** Data excerpts follows **
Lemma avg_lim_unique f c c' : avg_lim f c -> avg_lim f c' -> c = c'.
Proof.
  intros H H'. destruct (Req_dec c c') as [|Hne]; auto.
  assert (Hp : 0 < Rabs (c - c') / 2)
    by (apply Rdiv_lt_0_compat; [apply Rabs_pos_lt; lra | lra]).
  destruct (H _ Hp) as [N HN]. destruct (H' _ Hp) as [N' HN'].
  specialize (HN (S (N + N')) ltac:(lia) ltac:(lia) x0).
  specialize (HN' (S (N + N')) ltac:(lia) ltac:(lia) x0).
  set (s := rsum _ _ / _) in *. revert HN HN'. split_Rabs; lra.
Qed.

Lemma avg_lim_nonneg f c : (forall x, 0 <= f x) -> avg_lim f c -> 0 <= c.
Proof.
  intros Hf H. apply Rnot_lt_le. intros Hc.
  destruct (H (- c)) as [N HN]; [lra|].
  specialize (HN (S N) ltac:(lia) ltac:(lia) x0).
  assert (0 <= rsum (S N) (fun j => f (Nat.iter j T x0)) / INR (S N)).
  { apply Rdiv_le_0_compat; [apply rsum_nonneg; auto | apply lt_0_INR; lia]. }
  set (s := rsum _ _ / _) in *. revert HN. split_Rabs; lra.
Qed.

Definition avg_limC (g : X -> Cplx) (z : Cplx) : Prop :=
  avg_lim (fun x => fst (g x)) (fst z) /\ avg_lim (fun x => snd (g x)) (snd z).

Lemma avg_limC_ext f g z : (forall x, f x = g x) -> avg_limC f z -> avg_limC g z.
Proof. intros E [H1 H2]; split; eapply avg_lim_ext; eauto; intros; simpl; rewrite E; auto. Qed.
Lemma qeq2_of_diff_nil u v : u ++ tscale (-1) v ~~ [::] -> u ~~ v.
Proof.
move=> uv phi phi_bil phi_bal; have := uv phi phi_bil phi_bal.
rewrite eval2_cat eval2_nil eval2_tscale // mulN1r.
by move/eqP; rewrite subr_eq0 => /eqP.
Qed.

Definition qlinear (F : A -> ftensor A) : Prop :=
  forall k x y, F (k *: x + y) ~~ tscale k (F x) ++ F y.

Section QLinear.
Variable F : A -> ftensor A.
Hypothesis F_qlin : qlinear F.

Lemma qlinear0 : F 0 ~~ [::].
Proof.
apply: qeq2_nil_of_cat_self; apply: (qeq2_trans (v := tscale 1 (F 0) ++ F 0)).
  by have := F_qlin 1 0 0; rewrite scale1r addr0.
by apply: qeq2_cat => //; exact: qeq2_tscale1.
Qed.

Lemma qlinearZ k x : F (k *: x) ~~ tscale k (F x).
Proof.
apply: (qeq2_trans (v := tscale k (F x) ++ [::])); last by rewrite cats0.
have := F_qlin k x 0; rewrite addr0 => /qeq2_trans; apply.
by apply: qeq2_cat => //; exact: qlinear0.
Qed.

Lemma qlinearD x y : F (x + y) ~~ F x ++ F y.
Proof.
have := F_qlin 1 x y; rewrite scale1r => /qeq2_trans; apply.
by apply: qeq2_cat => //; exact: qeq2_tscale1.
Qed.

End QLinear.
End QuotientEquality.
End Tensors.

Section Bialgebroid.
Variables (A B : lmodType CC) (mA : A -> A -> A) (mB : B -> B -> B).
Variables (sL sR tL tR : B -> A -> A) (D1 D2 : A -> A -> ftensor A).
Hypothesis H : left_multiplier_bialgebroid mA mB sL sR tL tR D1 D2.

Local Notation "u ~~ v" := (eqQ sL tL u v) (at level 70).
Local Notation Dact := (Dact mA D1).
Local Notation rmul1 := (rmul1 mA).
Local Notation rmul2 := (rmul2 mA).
** End of Data excerpts **
## Directions for this task
Reproduce the entries above in full and exactly.

## Task answer
Lemma avg_lim_unique f c c' : avg_lim f c -> avg_lim f c' -> c = c'.
Proof.
  intros H H'. destruct (Req_dec c c') as [|Hne]; auto.
  assert (Hp : 0 < Rabs (c - c') / 2)
    by (apply Rdiv_lt_0_compat; [apply Rabs_pos_lt; lra | lra]).
  destruct (H _ Hp) as [N HN]. destruct (H' _ Hp) as [N' HN'].
  specialize (HN (S (N + N')) ltac:(lia) ltac:(lia) x0).
  specialize (HN' (S (N + N')) ltac:(lia) ltac:(lia) x0).
  set (s := rsum _ _ / _) in *. revert HN HN'. split_Rabs; lra.
Qed.

Lemma avg_lim_nonneg f c : (forall x, 0 <= f x) -> avg_lim f c -> 0 <= c.
Proof.
  intros Hf H. apply Rnot_lt_le. intros Hc.
  destruct (H (- c)) as [N HN]; [lra|].
  specialize (HN (S N) ltac:(lia) ltac:(lia) x0).
  assert (0 <= rsum (S N) (fun j => f (Nat.iter j T x0)) / INR (S N)).
  { apply Rdiv_le_0_compat; [apply rsum_nonneg; auto | apply lt_0_INR; lia]. }
  set (s := rsum _ _ / _) in *. revert HN. split_Rabs; lra.
Qed.

Definition avg_limC (g : X -> Cplx) (z : Cplx) : Prop :=
  avg_lim (fun x => fst (g x)) (fst z) /\ avg_lim (fun x => snd (g x)) (snd z).

Lemma avg_limC_ext f g z : (forall x, f x = g x) -> avg_limC f z -> avg_limC g z.
Proof. intros E [H1 H2]; split; eapply avg_lim_ext; eauto; intros; simpl; rewrite E; auto. Qed.
Lemma qeq2_of_diff_nil u v : u ++ tscale (-1) v ~~ [::] -> u ~~ v.
Proof.
move=> uv phi phi_bil phi_bal; have := uv phi phi_bil phi_bal.
rewrite eval2_cat eval2_nil eval2_tscale // mulN1r.
by move/eqP; rewrite subr_eq0 => /eqP.
Qed.

Definition qlinear (F : A -> ftensor A) : Prop :=
  forall k x y, F (k *: x + y) ~~ tscale k (F x) ++ F y.

Section QLinear.
Variable F : A -> ftensor A.
Hypothesis F_qlin : qlinear F.

Lemma qlinear0 : F 0 ~~ [::].
Proof.
apply: qeq2_nil_of_cat_self; apply: (qeq2_trans (v := tscale 1 (F 0) ++ F 0)).
  by have := F_qlin 1 0 0; rewrite scale1r addr0.
by apply: qeq2_cat => //; exact: qeq2_tscale1.
Qed.

Lemma qlinearZ k x : F (k *: x) ~~ tscale k (F x).
Proof.
apply: (qeq2_trans (v := tscale k (F x) ++ [::])); last by rewrite cats0.
have := F_qlin k x 0; rewrite addr0 => /qeq2_trans; apply.
by apply: qeq2_cat => //; exact: qlinear0.
Qed.

Lemma qlinearD x y : F (x + y) ~~ F x ++ F y.
Proof.
have := F_qlin 1 x y; rewrite scale1r => /qeq2_trans; apply.
by apply: qeq2_cat => //; exact: qeq2_tscale1.
Qed.

End QLinear.
End QuotientEquality.
End Tensors.

Section Bialgebroid.
Variables (A B : lmodType CC) (mA : A -> A -> A) (mB : B -> B -> B).
Variables (sL sR tL tR : B -> A -> A) (D1 D2 : A -> A -> ftensor A).
Hypothesis H : left_multiplier_bialgebroid mA mB sL sR tL tR D1 D2.

Local Notation "u ~~ v" := (eqQ sL tL u v) (at level 70).
Local Notation Dact := (Dact mA D1).
Local Notation rmul1 := (rmul1 mA).
Local Notation rmul2 := (rmul2 mA).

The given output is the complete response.